At one time, there were seven operating breweries on Staten Island, and the folks at Flagship are working to bring that beer scene back. John Gordon, Jay Sykes, and Matthew McGinley grew up on the same block together on the island's north shore, and worked in various roles in the beer industry before taking the plunge. They brought in Patrick Morse, formerly of Harpoon and Greenpoint Beer Works to head up the brewing.
Fridays and Saturdays, you'll find live music, and other days alternate between comedy, trivia, and charity events. In the middle of the room, you'll find a small screen that lets you order pizza from nearby Pier 76, and you're just a short walk away from one of the city's best neighborhoods for Sri Lankan food. (If you go the spicy route, partner it with Flagship's juicy Witbier, which is brewed with coriander.)
Must-Try Beers: Very few breweries produce a Dark Mild which is an English style of beer known for full flavors but a relatively light body.
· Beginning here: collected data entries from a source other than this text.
(* Let $\mu$ be a probability measure on $\mathrm{Homeo}_+(\mathbb{R})$ with finite or countable support having the shiftability property. If $\phi_+(x)>0$ for some $x\in\mathbb{R}$, then $\phi_+(y)>0$ for every $y\in\mathbb{R}$. Similarly, if $\phi_-(x)>0$ for some $x$, then $\phi_-(y)>0$ for every $y$.
   Context: Setup. Let $\mu$ be a probability measure on the group $\mathrm{Homeo}_+(\mathbb{R})$ of orientation-preserving homeomorphisms of $\mathbb{R}$, supported on a finite or countable set $\{f_1,f_2,\dots\}$ with $p_i=\mu(\{f_i\})>0$, $\sum_i p_i=1$. Let $g_1,g_2,\dots$ be i.i.d. random maps with law $\mu$, and set $F_0=\mathrm{id}$, $F_n=g_n\circ\cdots\circ g_1$. For $x\in\mathbb{R}$ let $\phi_+(x)=\mathbb{P}(\lim_n F_n(x)=+\infty)$ and $\phi_-(x)=\mathbb{P}(\lim_n F_n(x)=-\infty)$. The system has the shiftability property if for every $x\in\mathbb{R}$ there exist $f,g$ with $\mu(\{f\})>0$, $\mu(\{g\})>0$ and $g(x)<x<f(x)$. *)

From HB Require Import structures.
From mathcomp Require Import all_boot all_order all_algebra.
From mathcomp Require Import all_classical all_reals all_analysis.
Set Implicit Arguments. Unset Strict Implicit. Unset Printing Implicit Defensive.
Import Order.TTheory GRing.Theory Num.Theory numFieldNormedType.Exports.
Local Open Scope classical_set_scope.
Local Open Scope ring_scope.

Definition homeo_plus (R : realType) (h : R -> R) : Prop :=
  continuous h /\ (forall x y : R, x < y -> h x < h y) /\
  (forall y : R, exists x, h x = y).

Definition iid_seq d (T : measurableType d) (R : realType)
  (P : probability T R) (xi : nat -> T -> nat) : Prop :=
  (forall n k, measurable (xi n @^-1` [set k])) /\
  (forall (n : nat) (k : nat -> nat),
     P (\bigcap_(i in `I_n) (xi i @^-1` [set k i])) =
     (\prod_(i < n) P (xi 0%N @^-1` [set k i]))%E).

(* F_n = g_n o ... o g_1 where g_(i+1) = f (xi i);  F_0 = id. *)
Fixpoint Fwalk (R : realType) (T : Type) (f : nat -> R -> R)
  (xi : nat -> T -> nat) (n : nat) (w : T) (x : R) : R :=
  match n with
  | 0%N => x
  | m.+1 => f (xi m w) (Fwalk f xi m w x)
  end.

Definition phi_plus d (T : measurableType d) (R : realType)
  (P : probability T R) (f : nat -> R -> R) (xi : nat -> T -> nat) (x : R)
  : \bar R :=
  P [set w | (fun n => Fwalk f xi n w x) @ \oo --> +oo].

Definition phi_minus d (T : measurableType d) (R : realType)
  (P : probability T R) (f : nat -> R -> R) (xi : nat -> T -> nat) (x : R)
  : \bar R :=
  P [set w | (fun n => Fwalk f xi n w x) @ \oo --> -oo].

(* mu({h}) for the law mu of the random map g_1 = f (xi 0). *)
Definition mu_atom d (T : measurableType d) (R : realType)
  (P : probability T R) (f : nat -> R -> R) (xi : nat -> T -> nat)
  (h : R -> R) : \bar R :=
  P [set w | f (xi 0%N w) = h].

Definition shiftable d (T : measurableType d) (R : realType)
  (P : probability T R) (f : nat -> R -> R) (xi : nat -> T -> nat) : Prop :=
  forall x : R, exists h g : R -> R,
    (0 < mu_atom P f xi h)%E /\ (0 < mu_atom P f xi g)%E /\ g x < x < h x.

From HB Require Import structures.
From mathcomp Require Import all_boot all_order all_algebra.
From mathcomp Require Import all_classical all_reals all_analysis.
Import Order.TTheory GRing.Theory Num.Theory numFieldNormedType.Exports.
Local Open Scope classical_set_scope.
Local Open Scope ring_scope.

(* The argument: by shiftability every point z is pushed up by some map f_j
   with P(xi = j) > 0.  Since the maps are increasing bijections, this
   forces the points reachable from y by finitely many such steps to be
   unbounded above (a supremum would be pushed beyond itself); so some
   fixed finite index word k of positive probability takes y to a point
   z >= x.  Escaping from z after the word is independent of the word and
   has the same law as escaping from z, which by monotonicity is at least
   phi_+(x) > 0.  Hence phi_+(y) >= P(word) * phi_+(x) > 0. *)

Section Walk.
Context {R : realType}.
Variable f : nat -> R -> R.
Flagship's version is fantastic: it's bold and roasty, with hints of cocoa and espresso, but still highly refreshing. Try the seasonal brews too: the Wee Heavy is wonderfully smooth, balancing caramel and nutty flavors with just the right amount of hop bitterness.
You might catch the team experimenting with a Randall, which adds flavor to an already-brewed beer. Try the American Pale Ale filtered through fresh grapefruit for added bright, juicy notes. (They've also tinkered with pineapple, but pronounced the grapefruit better.)
Tours: Saturdays and Sundays at 2 p.m. and 4:30 p.m. Feel free to show up or make a reservation; tours are $5 and include a pint at the end.